The Class file storage format describes methods in almost exactly the same way that fields are described. The method table is structured like a field table. This includes access_flags, name_index, descriptor_index, and attributes

Where is the code in a method whose definition can be expressed through access flags, names, and descriptor indexes? The Java Code in a method is compiled by the compiler into bytecode instructions and stored in a property called “Code” in the method’s property sheet collection.

Attribute_name_index corresponds to a constant index of type CONSTANT_Utf8_info, which is fixed to "Code".

Property sheet length and collection of property sheets

Class files, field tables, and method tables can all carry their own set of property tables to describe information specific to certain scenarios

With other data class files projects strict sequence length is different, property sheet set limit is relatively loose, does not require the table for each attribute has a strict sequence, as long as you don’t with existing attribute name repetition, anyone to realize the compiler can be to write their own property sheet properties, the JVM running automatically ignore unknown attribute.

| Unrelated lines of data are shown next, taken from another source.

Section quantile_function.
Context (R : realType) (F : cumulativeBounded (0:R) (1:R)).
Local Notation Q := (qinv F).
Local Notation U := (`]0, 1[%classic : set R).

Lemma qinv_le u x : 0 < u < 1 -> (Q u <= x) = (u <= F x).
Proof.
case/andP => u_gt0 u_lt1; set S := [set x | u <= F x].
have S_ne : nonempty S.
  by have [y /ltW uFy] := filter_ex (cvgr_gt _ (cumulativey F) _ u_lt1); exists y.
have S_lb y : F y < u -> lbound S y.
  move=> Fy_lt z /= uFz; rewrite leNgt; apply/negP => zy.
  have := lt_le_trans Fy_lt uFz.
  by rewrite ltNge cumulative_is_nondecreasing// ltW.
apply/idP/idP => [Qux|uFx]; last first.
  have [y Fy_lt] := filter_ex (cvgr_lt _ (cumulativeNy F) _ u_gt0).
  by apply: ge_inf => //; exists y; exact: S_lb.
rewrite leNgt; apply/negP => Fx_lt.
have [y [xy Fy_lt]] : exists y, x < y /\ F y < u.
  apply: (@filter_ex _ (x^'+)); near=> y; split; near: y.
    exact: nbhs_right_gt.
  exact: (cvgr_lt _ (cumulative_is_right_continuous F x) _ Fx_lt).
have : y <= Q u by apply: lb_le_inf => //; exact: S_lb.
by move=> /le_trans /(_ Qux); rewrite leNgt xy.
Unshelve. all: by end_near.
Qed.

Lemma qinv_ge0 u : (forall x, x < 0 -> F x = 0) -> 0 < u < 1 -> 0 <= Q u.
Proof.
move=> F_lt0 u01; rewrite leNgt; apply/negP => Qu_lt0.
have := lexx (Q u); rewrite qinv_le// F_lt0// leNgt.
by case/andP: u01 => ->.
Qed.

Lemma qinv_nondecreasing u v : 0 < u < 1 -> 0 < v < 1 -> u <= v -> Q u <= Q v.
Proof. by move=> u01 v01 uv; rewrite qinv_le// (le_trans uv)// -qinv_le. Qed.

Lemma measurable_qinv : measurable_fun U Q.
Proof.
apply: (measurability (@RGenCInfty.G R)) => [|/= _ [_ [r ->] <-]].
  exact: RGenCInfty.measurableE.
apply: is_interval_measurable => s t [Us Qs] [Ut Qt] v /andP[sv vt].
have Uv : U v.
  move: Us Ut; rewrite /= !in_itv/= => /andP[s_gt0 _] /andP[_ t_lt1].
  by rewrite (lt_le_trans s_gt0 sv) (le_lt_trans vt t_lt1).
split => //; move: Qs; rewrite /= !in_itv/= !andbT => /le_trans; apply.
by apply: qinv_nondecreasing => //; move: Us Uv; rewrite /= !in_itv.
Qed.

(* For u outside ]0,1[ the set {x | u <= F x} may be empty or unbounded
   below, so that [qinv F u] is a junk value; [qinv F] is only used
   restricted to ]0,1[. *)
Lemma measurable_qinv_restrict : measurable_fun setT (Q \_ U).
Proof.
by apply/(measurable_restrictT _ (measurable_itv _)); exact: measurable_qinv.
Qed.

Lemma lebesgue_qinv_itvNy x :
  lebesgue_measure ((Q \_ U) @^-1` `]-oo, x] `&` U) = (F x)%:E.
Proof.
have -> : (Q \_ U) @^-1` `]-oo, x] `&` U = [set u | u <= F x] `&` U.
  apply/seteqP; split => u [/= + Uu];
    by rewrite patchE mem_set//= in_itv/= qinv_le//; move: Uu; rewrite /= in_itv.
have [Fx1|Fx_lt1] := eqVneq (F x) 1.
  rewrite Fx1 setIidr ?lebesgue_measure_itv/= ?lte01 ?EFinN ?sube0//.
  by move=> u; rewrite /= in_itv/= => /andP[_ /ltW].
rewrite (_ : _ `&` _ = `]0, F x]%classic); last first.
  have Fx_lt : F x < 1 by rewrite lt_neqAle Fx_lt1 cumulativeBounded_le.
  apply/seteqP; split => u /=; rewrite !in_itv/=; first by case=> -> /andP[->].
  by case/andP => u_gt0 uFx; rewrite uFx u_gt0 (le_lt_trans uFx).
rewrite lebesgue_measure_itv/= lte_fin.
case: ifPn => [_|]; first by rewrite EFinN sube0.
rewrite -leNgt => Fx_le0; congr (_%:E); apply/eqP.
by rewrite eq_le Fx_le0 cumulativeBounded_ge.
Qed.

Lemma lebesgue_stieltjes_measure_qinv A : measurable A ->
  lebesgue_stieltjes_measure F A = lebesgue_measure ((Q \_ U) @^-1` A `&` U).
Proof.
have mU : measurable U by exact: measurable_itv.
apply: (lebesgue_stieltjes_measure_itvNy
  (mu := pushforward (mrestr lebesgue_measure mU) (Q \_ U))).
- exact: measurable_qinv_restrict.
- by move=> mQ; exact: lebesgue_qinv_itvNy.
Qed.

End quantile_function.

Lemma int_pow_ge0 (R : realType) (f : R -> R) (a : R) : (0 <= int_pow f a)%E.
Proof. by apply: integral_ge0 => x _; rewrite lee_fin powR_ge0. Qed.

Lemma int_pow_fin_num (R : realType) (f : R -> R) (a : R) :
  (int_pow f a < +oo)%E -> int_pow f a \is a fin_num.
Proof. by move=> f_fin; rewrite ge0_fin_numE ?int_pow_ge0. Qed.

Section quantile_transform.
Context d (T : measurableType d) (R : realType) (P : probability T R)
  (X : {RV P >-> R}) (f : R -> R).
Hypotheses (X_ge0 : forall w, 0 <= X w) (pdf : is_pdf X f).

Local Notation U := (`]0, 1[%classic : set R).
Local Notation Q := (qinv (cdfR X)).

Let mU : measurable (U : set (measurableTypeR R)).
Proof. exact: measurable_itv. Qed.
Let mf : measurable_fun setT f. Proof. by case: pdf. Qed.
Let f_ge0 x : 0 <= f x. Proof. by case: pdf. Qed.
Let distributionE A : measurable A ->
  distribution P X A = (\int[lebesgue_measure]_(x in A) (f x)%:E)%E.
Proof. by case: pdf => _ _; apply. Qed.

Let cdfRE x : (cdfR X x)%:E = cdf X x.
Proof. by rewrite /cdfR fineK// fin_num_measure. Qed.

Let cdfR_nondecreasing : nondecreasing_fun (cdfR X).
Proof. by move=> x y xy; rewrite -lee_fin !cdfRE cdf_nondecreasing. Qed.

Let cdfR_right_continuous x : cdfR X y @[y --> x^'+] --> cdfR X x.
Proof. by apply: fine_cvg; rewrite cdfRE; exact: cdf_right_continuous. Qed.

HB.instance Definition _ := isCumulative.Build R _ R (cdfR X)
  cdfR_nondecreasing cdfR_right_continuous.

Let cdfR_Ny0 : cdfR X @ -oo --> (0:R). Proof. exact/fine_cvg/cvg_cdfNy0. Qed.
Let cdfR_y1 : cdfR X @ +oo --> (1:R). Proof. exact/fine_cvg/cvg_cdfy1. Qed.

HB.instance Definition _ := isCumulativeBounded.Build R 0 1 (cdfR X)
  cdfR_Ny0 cdfR_y1.

Let cdfR_lt0 x : x < 0 -> cdfR X x = 0.
Proof.
move=> x_lt0; apply/EFin_inj; rewrite cdfRE /cdf /distribution /pushforward.
rewrite [S in P S](_ : _ = set0) ?measure0// -subset0 => w /=; rewrite in_itv/=.
move=> Xw_le; have := le_lt_trans (X_ge0 w) (le_lt_trans Xw_le x_lt0).
by rewrite ltxx.
Qed.

Lemma distribution_qinv A : measurable A ->
  distribution P X A = lebesgue_measure ((Q \_ U) @^-1` A `&` U).
Proof.
move=> mA; rewrite -lebesgue_stieltjes_measure_qinv//.
by apply/esym/lebesgue_stieltjes_measure_itvNy => // x; rewrite cdfRE.
Qed.

Lemma ge0_integral_distribution_pdf (h : R -> \bar R) :
  (forall x, 0 <= h x)%E -> measurable_fun setT h ->
  (\int[distribution P X]_x h x = \int[lebesgue_measure]_x (h x * (f x)%:E))%E.
Proof.
move=> h_ge0 mh.
have pdfE A : measurable A -> distribution P X A =
    (\int[lebesgue_measure]_(x in setT) (\1_A x * f x)%:E)%E.
  move=> mA; rewrite distributionE// integral_mkcond; apply: eq_integral => x _.
  by rewrite patchE indicE; case: (x \in A); rewrite /= ?mul1r ?mul0r.
have mid : measurable_fun (setT : set (measurableTypeR R)) (idfun : R -> R).
  by move=> _ B mB; rewrite setTI.
have mf' : measurable_fun (setT : set (measurableTypeR R)) f.
  by move=> _ B mB; exact: mf.
exact: (ge0_integral_weighted_image measurableT mid mf' f_ge0 pdfE).
Qed.

Lemma ge0_integral_distribution_qinv (h : R -> \bar R) :
  (forall x, 0 <= h x)%E -> measurable_fun setT h ->
  (\int[distribution P X]_x h x = \int[lebesgue_measure]_(u in U) h (Q u))%E.
Proof.
move=> h_ge0 mh.
have mQ : measurable_fun (U : set (measurableTypeR R)) (Q \_ U).
  by apply: measurable_funTS; exact: measurable_qinv_restrict.
have qE A : measurable A -> distribution P X A =
    (\int[lebesgue_measure]_(u in U) (\1_A ((Q \_ U) u) * cst 1 u)%:E)%E.
  move=> mA; rewrite distribution_qinv// -integral_indic//; last first.
    by rewrite -[S in measurable S]setTI; exact: measurable_qinv_restrict.
  by apply: eq_integral => u _; rewrite mulr1.
rewrite (ge0_integral_weighted_image mU mQ (measurable_cst _) (fun=> ler01) qE
  h_ge0 mh).
by apply: eq_integral => u /[!inE] Uu; rewrite patchE mem_set// mule1.
Qed.

Let measurable_Q : measurable_fun U Q. Proof. exact: measurable_qinv. Qed.

Lemma measurable_pdf_qinv p :
  measurable_fun U (fun u => ((f (Q u)) `^ p)%:E).
Proof.
apply/measurable_EFinP/(measurableT_comp (measurable_powR _)).
exact: (measurableT_comp mf measurable_Q).
Qed.

Lemma int_pow_qinv a : 0 < a ->
  int_pow f a = (\int[lebesgue_measure]_(u in U) ((f (Q u)) `^ (a - 1))%:E)%E.
Proof.
move=> a_gt0; pose g := (fun x => f x `^ (a - 1)) \_ `[0, +oo[%classic.
have mg : measurable_fun setT g.
  apply/(measurable_restrictT _ (measurable_itv _))/measurable_funTS.
  exact: (measurableT_comp (measurable_powR _) mf).
have g_ge0 x : 0 <= g x by rewrite /g patchE; case: ifPn => // _; exact: powR_ge0.
transitivity (\int[distribution P X]_x (g x)%:E)%E.
  rewrite ge0_integral_distribution_pdf//; last exact/measurable_EFinP.
  rewrite /int_pow [LHS]integral_mkcond; apply: eq_integral => x _.
  rewrite /g !patchE; case: ifPn => _ /=; last by rewrite mul0e.
  by rewrite -EFinM mulrC mulr_powRB1.
rewrite ge0_integral_distribution_qinv//; last exact/measurable_EFinP.
apply: eq_integral => u /[!inE] Uu; rewrite /g patchE mem_set//= in_itv/= andbT.
by apply: qinv_ge0 => //; move: Uu; rewrite /= in_itv.
Qed.

Lemma int_pow_gt0 a : 0 < a -> (0 < int_pow f a)%E.
Proof.
move=> a_gt0; rewrite lt0e int_pow_ge0 andbT; apply/negP => /eqP int_pow0.
pose D := `[0, +oo[%classic : set R.
have mD : measurable D by exact: measurable_itv.
have f_ae0 : ae_eq lebesgue_measure D (fun x => (f x)%:E) (cst 0%E).
  have mfa : measurable_fun D (fun x => ((f x) `^ a)%:E).
    apply/measurable_EFinP/measurable_funTS.
    exact: (measurableT_comp (measurable_powR _) mf).
  have := (ae_eq_integral_abs lebesgue_measure mD mfa).1.
  under eq_integral do rewrite gee0_abs ?lee_fin ?powR_ge0//.
  move=> /(_ int_pow0); apply: filterS => x fa0 Dx /=.
  by rewrite (powR_eq0_eq0 (EFin_inj (fa0 Dx))).
have : distribution P X D = 0%E.
  rewrite distributionE// -(integral0 lebesgue_measure D).
  by apply: ae_eq_integral => //; exact/measurable_EFinP/measurable_funTS.
rewrite /distribution /pushforward (_ : X @^-1` D = setT) ?probability_setT.
  by move/eqP; rewrite onee_eq0.
by apply/seteqP; split => // w _; rewrite /D /= in_itv/= andbT X_ge0.
Qed.

Lemma fine_int_pow_gt0 a :
  0 < a -> (int_pow f a < +oo)%E -> 0 < fine (int_pow f a).
Proof. by move=> a_gt0 fin; apply: fine_gt0; rewrite int_pow_gt0. Qed.
Lemma hadamards_within Q ts : {subset ts <= Q} ->
  List.Forall (gate_within Q) (hadamards ts).
Proof.
move=> sub_ts; apply: Forall_map_in => t t_in; split; first exact: hadamard_mx_unitary.
by move=> q; rewrite inE => /eqP->; apply: sub_ts.
Qed.

Lemma fan_in_within Q ss t : t \notin ss -> {subset ss <= Q} -> t \in Q ->
  List.Forall (gate_within Q) (cnot_fan_in ss t).
Proof.
move=> t_notin sub_ss t_in; apply: Forall_map_in => s s_in; split.
  by apply: contraNneq t_notin => <-.
by move=> q; rewrite !inE => /orP[]/eqP->; rewrite ?t_in ?sub_ss.
Qed.

Lemma ccz_circuit_within Q c1 c2 t : c1 != c2 -> c1 != t -> c2 != t ->
  c1 \in Q -> c2 \in Q -> t \in Q -> List.Forall (gate_within Q) (ccz_circuit c1 c2 t).
Proof.
move=> neq_c12 neq_c1t neq_c2t c1_in c2_in t_in.
have T_unitary : unitary2 (phase_mx omega).
  by apply: phase_mx_unitary; have := omega_unitary 1; rewrite expr1.
have Tdg_unitary : unitary2 (phase_mx (omega ^+ 7)).
  exact/phase_mx_unitary/omega_unitary.
by rewrite /ccz_circuit; repeat constructor; rewrite //= => q;
   rewrite !inE; do ?case/orP; move/eqP->.
Qed.

Lemma multi_toffoli_circuit_within c1 c2 t0 rest :
  c1 != c2 -> c1 \notin t0 :: rest -> c2 \notin t0 :: rest -> t0 \notin rest ->
  List.Forall (gate_within [:: c1, c2, t0 & rest]) (multi_toffoli_circuit c1 c2 t0 rest).
Proof.
rewrite !inE !negb_or => neq_c12 /andP[neq_c1t0 _] /andP[neq_c2t0 _] t0_notin.
have sub_ts : {subset t0 :: rest <= [:: c1, c2, t0 & rest]}.
  by move=> q q_in; do 2!apply: mem_behead.
have sub_rest : {subset rest <= [:: c1, c2, t0 & rest]}.
  by move=> q q_in; do 3!apply: mem_behead.
have t0_in : t0 \in [:: c1, c2, t0 & rest] by apply/sub_ts/mem_head.
rewrite /multi_toffoli_circuit /ccz_parity_circuit; do !apply: Forall_cat;
  [exact: hadamards_within | exact: fan_in_within | | exact: fan_in_within |
   exact: hadamards_within].
by apply: ccz_circuit_within; rewrite // !inE eqxx ?orbT.
Qed.

Lemma cnot_count_multi_toffoli_circuit c1 c2 t0 rest :
  cnot_count (multi_toffoli_circuit c1 c2 t0 rest) = (2 * size (t0 :: rest) + 4)%N.
Proof.
have hadamards0 ts : count (@is_cnot m) (hadamards ts) = 0%N by elim: ts.
have fan_in_size ss t : count (@is_cnot m) (cnot_fan_in ss t) = size ss.
  by elim: ss => //= s ss ->.
rewrite /cnot_count !count_cat hadamards0 !fan_in_size /=.
lia.
Qed.

Lemma circuit_mx_multi_toffoli c1 c2 t0 rest :
  c1 != c2 -> c1 \notin t0 :: rest -> c2 \notin t0 :: rest -> uniq (t0 :: rest) ->
  circuit_mx (multi_toffoli_circuit c1 c2 t0 rest) = multi_toffoli_mx c1 c2 (t0 :: rest).
Proof.
move=> neq_c12 c1_notin c2_notin uniq_ts; have /andP[t0_notin _] := uniq_ts.
have neq_c1t0 : c1 != t0 by apply: contraNneq c1_notin => ->; apply: mem_head.
have neq_c2t0 : c2 != t0 by apply: contraNneq c2_notin => ->; apply: mem_head.
have gates_ok := multi_toffoli_circuit_within neq_c12 c1_notin c2_notin t0_notin.
apply: mxv_inj => v.
rewrite mxv_circuit_mx => [|g /(proj1 (List.Forall_forall _ _) gates_ok) []//].
rewrite mxv_multi_toffoli // /multi_toffoli_circuit 2!circuit_op_cat.
by rewrite circuit_op_ccz_parity.
Qed.

End Circuits.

The following table defines the properties in java7:

The attribute name Use location meaning
Code Method table Bytecode instructions compiled into Java code
ConstantValue Field in the table Constant pool defined by the final keyword
Deprecated Class, method, field list Methods and fields declared deprecated
Exceptions Method table Method throws an exception
EnclosingMethod The class file This property is available only if a class is local or anonymous and identifies the enclosing method of the class
InnerClass The class file Inner class list
LineNumberTable Code attributes The mapping of Java source line numbers to bytecode instructions
LocalVariableTable Code attributes Local defecate description of the method
StackMapTable Code attributes New property in JDK1.6 that allows the new type checker to check and process classes that are required to match local variables and operands of the target method
Signature Class, method table, field table Used to support method signatures in case of generics
SourceFile The class file Record the source file name
SourceDebugExtension The class file Store additional debugging information
Synthetic Class, method table, field table Flag methods or fields are automatically generated by the compiler
LocalVariableTypeTable class The use of characteristic signatures instead of descriptors was added to describe generic parameterized types after the introduction of generic syntax
RuntimeVisibleAnnotations Class, method table, field table Support for dynamic annotations
RuntimeInvisibleAnnotations Table, method table, field table Use to indicate which annotations are not visible at runtime
RuntimeVisibleParameterAnnotation Method table Role similar to RuntimeVisibleAnnotations attribute, only role for the object
RuntimeInvisibleParameterAnnotation Method table Like RuntimeInvisibleAnnotations attribute, function as object which for method parameters
AnnotationDefault Method table Use to record the default value of the annotation class element
BootstrapMethods The class file Bootstrap qualifier used to hold an InvokedDynamic instruction reference

For a list of field table sets, property table sets, method table sets, and ACess_flag sets, consult section 6.3 of Understanding the JAVA Virtual Machine like a dictionary. We just need to understand the principle.